EMEP yerel seçim tutumunu açıkladı: Tek adam ittifakına oy yok!
Yüksek Seçim Kurulu kararıyla parti olarak seçime girmesi engellenen Emek Partisi, yerel seçimlere ilişkin tutumunu açıkladı.
Fotoğraf: Evrensel
Emek Partisi (EMEP) yaptığı yazılı açıklamayla yerel seçim tutumunu beyan etti. Yüksek Seçim Kurulu (YSK) kararıyla parti olarak seçime girmesi engellenen EMEP'in açıklamasında "Partimiz seçim sürecinde gerici iktidarı geriletmenin öncelikle emek demokrasi güçlerinin mücadele birliğiyle mümkün olacağını düşünmektedir. Öncelik bu ortak mücadelenin geliştirilmesindedir ve seçimleri de mücadele alanlarından, araçlarından biri olarak görür" denildi.

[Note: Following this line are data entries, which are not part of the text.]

(* Let $\gamma>0$, $\Gamma_\infty>0$, $R\in\mathbb{N}$, and for $i\in\mathcal{N}=\{1,\dots,N\}$ let $d_i\in\mathbb{N}$, $\delta_i>0$, $\tau^i_{\max}>0$ satisfy \[ \delta_i+\frac{d_i}{R}<\frac{\gamma}{2\Gamma_\infty}\qquad\text{for all } i\in\mathcal{N}. \] Set $\xi_i:=2\Gamma_\infty d_i/R$, $\eta_i:=\gamma-2\Gamma_\infty\delta_i$ and \[ \tilde\omega:=\min_{i\in\mathcal{N}}\left(\eta_i-\frac{W(\xi_i\tau^i_{\max}e^{\eta_i\tau^i_{\max}})}{\tau^i_{\max}}\right),\qquad \kappa(\omega):=\max_{i\in\mathcal{N}}\left(\delta_i+\frac{d_ie^{\omega\tau^i_{\max}}}{R}\right). \] Then $\tilde\omega>0$, and for $\omega\in\mathbb{R}$, the condition $0<\omega\le\gamma-2\Gamma_\infty\kappa(\omega)$ holds if and only if $0<\omega\le\tilde\omega$.
   Context: $W$ denotes the Lambert $W$-function on $[0,\infty)$: $W(y)$ is the unique solution $x\ge0$ of $xe^x=y$. (In the paper, $d_i$ are node degrees of a connected graph, $\gamma\le\lambda_2(L)$ and $\Gamma_\infty=\sup_{t\ge0}\|e^{\gamma t}(e^{-Lt}-\mathbf{1}\bar{\mathbf{1}})\|_\infty$, but the statement only uses positivity of these quantities.) *)

From Stdlib Require Import Reals Lra Lia ClassicalEpsilon.
Open Scope R_scope.

(* Lambert W on [0,oo): W y is the unique x >= 0 with x * exp x = y
   (chosen by Hilbert's epsilon; the value for y < 0 is irrelevant). *)
Definition LambertW (y : R) : R :=
  epsilon (inhabits 0%R) (fun x => 0 <= x /\ x * exp x = y).

Fixpoint min_upto (f : nat -> R) (n : nat) : R :=
  match n with
  | O => f O
  | S m => Rmin (f (S m)) (min_upto f m)
  end.

Fixpoint max_upto (f : nat -> R) (n : nat) : R :=
  match n with
  | O => f O
  | S m => Rmax (f (S m)) (max_upto f m)
  end.

(* Each agent contributes the constraint [omega + xi_i e^(omega tau_i) <= eta_i]
   on omega.  Its left-hand side is strictly increasing in omega, so the
   constraint cuts out a half-line (-oo, w_i], and solving the equality case
   gives w_i = eta_i - W(xi_i tau_i e^(eta_i tau_i)) / tau_i.  The condition
   [kappa omega <= ...] is the conjunction of these constraints, i.e.
   omega <= min_i w_i; and w_i > 0 because at omega = 0 the left-hand side is
   xi_i < eta_i, which is the hypothesis on delta_i + d_i / R. *)

From Stdlib Require Import Reals Lra Lia ClassicalEpsilon.
Open Scope R_scope.

Lemma LambertW_spec (y : R) :
  0 <= y -> 0 <= LambertW y /\ LambertW y * exp (LambertW y) = y.
Proof.
  intro hy; unfold LambertW; apply epsilon_spec.
  destruct (Req_dec y 0) as [->|hy0].
  - exists 0; split; [lra | ring].
  - assert (hcont : continuity (fun x => x * exp x - y)).
    { apply continuity_minus.
      - apply continuity_mult; apply derivable_continuous;
          [apply derivable_id | apply derivable_exp].
      - apply continuity_const; intros ? ?; reflexivity. }
    pose proof (exp_ineq1_le y).
    assert (hneg : (fun x => x * exp x - y) 0 < 0) by (simpl; rewrite Rmult_0_l; lra).
    assert (hpos : 0 < (fun x => x * exp x - y) y) by (simpl; nra).
    destruct (IVT _ 0 y hcont ltac:(lra) hneg hpos) as [x [hx hxy]].
    exists x; split; lra.
Qed.

Lemma le_min_upto (f : nat -> R) (n : nat) (c : R) :
  c <= min_upto f n <-> forall i, (i <= n)%nat -> c <= f i.
Proof.
  induction n as [|n IHn]; simpl.
  - split; [intros h i hi; replace i with 0%nat by lia; exact h | intros h; apply h; lia].
  - unfold Rmin; destruct (Rle_dec _ _); split.
    + intros h i hi; destruct (Nat.eq_dec i (S n)) as [->|]; [exact h|].
      apply IHn; [lra | lia].
    + intros h; apply h; lia.
    + intros h i hi; destruct (Nat.eq_dec i (S n)) as [->|]; [lra|].
      apply IHn; [exact h | lia].
    + intros h; apply IHn; intros i hi; apply h; lia.
Qed.

Lemma lt_min_upto (f : nat -> R) (n : nat) (c : R) :
  (forall i, (i <= n)%nat -> c < f i) -> c < min_upto f n.
Proof.
  induction n as [|n IHn]; simpl; intros h; [apply h; lia|].
  unfold Rmin; destruct (Rle_dec _ _); [apply h; lia|].
  apply IHn; intros i hi; apply h; lia.
Qed.

Lemma max_upto_le (f : nat -> R) (n : nat) (c : R) :
  max_upto f n <= c <-> forall i, (i <= n)%nat -> f i <= c.
Proof.
  induction n as [|n IHn]; simpl.
  - split; [intros h i hi; replace i with 0%nat by lia; exact h | intros h; apply h; lia].
  - unfold Rmax; destruct (Rle_dec _ _); split.
    + intros h i hi; destruct (Nat.eq_dec i (S n)) as [->|]; [lra|].
      apply IHn; [exact h | lia].
    + intros h; apply IHn; intros i hi; apply h; lia.
    + intros h i hi; destruct (Nat.eq_dec i (S n)) as [->|]; [exact h|].
      apply IHn; [lra | lia].
    + intros h; apply h; lia.
Qed.

Lemma le_sub_scale_max_upto (f : nat -> R) (n : nat) (a c x : R) :
  0 < c -> x <= a - c * max_upto f n <-> forall i, (i <= n)%nat -> x <= a - c * f i.
Proof.
  intro hc.
  assert (hdiv : forall y, x <= a - c * y <-> y <= (a - x) / c).
  { intro y; assert (hq : c * ((a - x) / c) = a - x) by (field; lra).
    split; intro h; nra. }
  rewrite hdiv, max_upto_le.
  split; intros h i hi; apply hdiv, h, hi.
Qed.

Section LambertThreshold.

Variables xi eta tau : R.
Hypothesis hxi : 0 <= xi.
Hypothesis htau : 0 < tau.

Definition lambert_threshold : R :=
  eta - LambertW (xi * tau * exp (eta * tau)) / tau.

Lemma plus_scaled_exp_increasing (a b : R) :
  a < b -> a + xi * exp (a * tau) < b + xi * exp (b * tau).
Proof.
  intro hab.
  assert (exp (a * tau) < exp (b * tau)) by (apply exp_increasing; nra).
  nra.
Qed.

Lemma lambert_threshold_root :
  lambert_threshold + xi * exp (lambert_threshold * tau) = eta.
Proof.
  assert (hy : 0 <= xi * tau * exp (eta * tau)).
  { pose proof (exp_pos (eta * tau)); apply Rmult_le_pos; [apply Rmult_le_pos|]; lra. }
  destruct (LambertW_spec _ hy) as [hW0 hWe].
  unfold lambert_threshold; set (w := LambertW _) in *.
  pose proof (exp_pos w).
  replace ((eta - w / tau) * tau) with (eta * tau + - w) by (field; lra).
  rewrite exp_plus, exp_Ropp.
  replace (xi * (exp (eta * tau) * / exp w))
    with (xi * tau * exp (eta * tau) / (tau * exp w)) by (field; lra).
  rewrite <- hWe; field; lra.
Qed.

Lemma le_lambert_threshold (om : R) :
  om + xi * exp (om * tau) <= eta <-> om <= lambert_threshold.
Proof.
  pose proof lambert_threshold_root.
  split; intro h.
  - destruct (Rle_or_lt om lambert_threshold) as [|hlt]; [assumption|].
    pose proof (plus_scaled_exp_increasing _ _ hlt); lra.
  - destruct h as [hlt | ->]; [|lra].
    pose proof (plus_scaled_exp_increasing _ _ hlt); lra.
Qed.

Lemma lambert_threshold_pos : xi < eta -> 0 < lambert_threshold.
Proof.
  intro hlt; apply Rnot_le_lt; intro hle.
  pose proof lambert_threshold_root as hroot.
  destruct hle as [hneg | hzero].
  - pose proof (plus_scaled_exp_increasing _ _ hneg) as hmono.
    rewrite Rmult_0_l, exp_0 in hmono; lra.
  - rewrite hzero, Rmult_0_l, exp_0 in hroot; lra.
Qed.

End LambertThreshold.

Theorem lemma5 (gamma Gamma_inf : R) (Rn N : nat)
  (d : nat -> nat) (delta tau_max : nat -> R)
  (hgamma : 0 < gamma) (hGamma : 0 < Gamma_inf)
  (hR : (0 < Rn)%nat) (hN : (0 < N)%nat)
  (hdelta : forall i, (i < N)%nat -> 0 < delta i)
  (htau : forall i, (i < N)%nat -> 0 < tau_max i)
  (hcond : forall i, (i < N)%nat ->
     delta i + INR (d i) / INR Rn < gamma / (2 * Gamma_inf)) :
  let xi := fun i => 2 * Gamma_inf * INR (d i) / INR Rn in
  let eta := fun i => gamma - 2 * Gamma_inf * delta i in
  let omega_t := min_upto (fun i =>
        eta i - LambertW (xi i * tau_max i * exp (eta i * tau_max i)) / tau_max i)
        (N - 1) in
  let kappa := fun omega : R => max_upto (fun i =>
        delta i + INR (d i) * exp (omega * tau_max i) / INR Rn) (N - 1) in
  0 < omega_t /\
  forall omega : R,
    (0 < omega /\ omega <= gamma - 2 * Gamma_inf * kappa omega) <->
    (0 < omega /\ omega <= omega_t).
Proof.
  intros xi eta omega_t kappa.
  assert (hRn : 0 < INR Rn) by (apply lt_0_INR; lia).
  assert (hxi : forall i, 0 <= xi i).
  { intro i; pose proof (pos_INR (d i)); unfold xi.
    apply Rmult_le_pos; [nra | left; apply Rinv_0_lt_compat; lra]. }
  assert (htau' : forall i, (i <= N - 1)%nat -> 0 < tau_max i) by (intros; apply htau; lia).
  assert (hconstraint : forall i om, gamma - 2 * Gamma_inf *
      (delta i + INR (d i) * exp (om * tau_max i) / INR Rn) - om
      = eta i - (om + xi i * exp (om * tau_max i))).
  { intros; unfold xi, eta; field; lra. }
  split.
  - apply lt_min_upto; intros i hi.
    apply lambert_threshold_pos; [apply hxi | apply htau'; exact hi |].
    specialize (hcond i ltac:(lia)).
    apply (Rmult_lt_compat_l (2 * Gamma_inf)) in hcond; [|lra].
    replace (2 * Gamma_inf * (gamma / (2 * Gamma_inf))) with gamma in hcond by (field; lra).
    unfold xi, eta; replace (2 * Gamma_inf * INR (d i) / INR Rn)
      with (2 * Gamma_inf * (INR (d i) / INR Rn)) by (field; lra); lra.
  - intro om; apply and_iff_compat_l.
    unfold kappa, omega_t; rewrite le_sub_scale_max_upto, le_min_upto by lra.
    split; intros h i hi; specialize (h i hi); pose proof (hconstraint i om).
    + apply (le_lambert_threshold _ _ _ (hxi i) (htau' i hi)); lra.
    + apply (le_lambert_threshold _ _ _ (hxi i) (htau' i hi)) in h; lra.
Qed.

"KAYYIMA DEVREDİLMİŞ BELEDİYELERİN GERİ ALINMASI ESASTIR"
"Seçilmiş belediye başkanlarının görevden alındığı bölgelerde kayyıma devredilmiş belediyelerin geri alınması esastır" denilen açıklamada, EMEP'in bölgede, birlikteliğin sağlandığı ölçüde seçime HDP ile birlikte gireceği, diğer kayyım bölgelerinde de HDP’yi destekleyeceği belirtildi.

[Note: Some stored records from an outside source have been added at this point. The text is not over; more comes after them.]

(* The partial functional on Baire space computed by (the associate) c:
   F_c(p) = q iff for every n, at the first prefix length k where
   c(n, p|k) returns a nonzero value (all earlier calls converging to 0),
   that value is q(n)+1. These are exactly the computable partial maps
   (up to restriction of domains). *)
Definition CompF (c : code) (p q : baire) : Prop :=
  forall n, exists k,
    eval c [n; enc (prefix p k)] (S (q n)) /\
    (forall k', k' < k -> eval c [n; enc (prefix p k')] 0).

Definition bpair (p q : baire) : baire :=
  fun n => if Nat.even n then p (Nat.div2 n) else q (Nat.div2 n).

Record rep : Type := Rep {
  carrier : Type;
  delta : baire -> carrier -> Prop   (* graph of the partial representation *)
}.

Definition problem (X Y : rep) := carrier X -> carrier Y -> Prop.
Definition dom {X Y : rep} (f : problem X Y) (x : carrier X) : Prop :=
  exists y, f x y.

Definition functional (F : baire -> baire -> Prop) : Prop :=
  forall p q q', F p q -> F p q' -> q = q'.

Definition realizes {X Y : rep} (F : baire -> baire -> Prop) (f : problem X Y) : Prop :=
  forall p x, delta X p x -> dom f x ->
    exists q y, F p q /\ delta Y q y /\ f x y.

Definition Wred {X Y Z W : rep} (f : problem X Y) (g : problem Z W) : Prop :=
  exists cH cK : code,
    forall G : baire -> baire -> Prop, functional G -> realizes G g ->
      realizes (fun p r => exists k s, CompF cK p k /\ G k s /\
                                       CompF cH (bpair p s) r) f.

"EMEK VE DEMOKRASİ GÜÇLERİNİN BİRLİĞİNİN SAĞLANDIĞI HER YERDE, İLAN EDİLEN ÇATI ALTINDA SEÇİME GİRİLECEK"
Diğer bölgelerin, bölgedeki emek demokrasi güçlerinin varlığına, yeteneklerine, gücüne bağlı olarak ayrı ayrı değerlendirildiği belirtilen açıklamada, "Buna göre; parti olarak seçimlere girmemiz engellenmiş olsa da, emek ve demokrasi güçlerinin birliğinin sağlandığı her yerde güç birliğinin ilan ettiği bir çatı altında seçimlere girilecektir. Çatı koşullarının oluşamadığı yerlerde güç birliğinin ortak bağımsız adaylarıyla yürünecek; güç birliğinin sağlanamadığı durumlar söz konusuysa partimiz gerekli gördüğü yerellerde bağımsız adaylarla seçime girecektir" ifadelerine yer verildi.
Emek Partisi Genel Merkezi imzasıyla yayınlanan "Tek adam ittifakına oy yok! İş, ekmek, özgürlük mücadelesi için birleşelim!" başlıklı açıklamanın tamamı şöyle:
"İŞ, EKMEK, ÖZGÜRLÜK MÜCADELESİ İÇİN BİRLEŞELİM"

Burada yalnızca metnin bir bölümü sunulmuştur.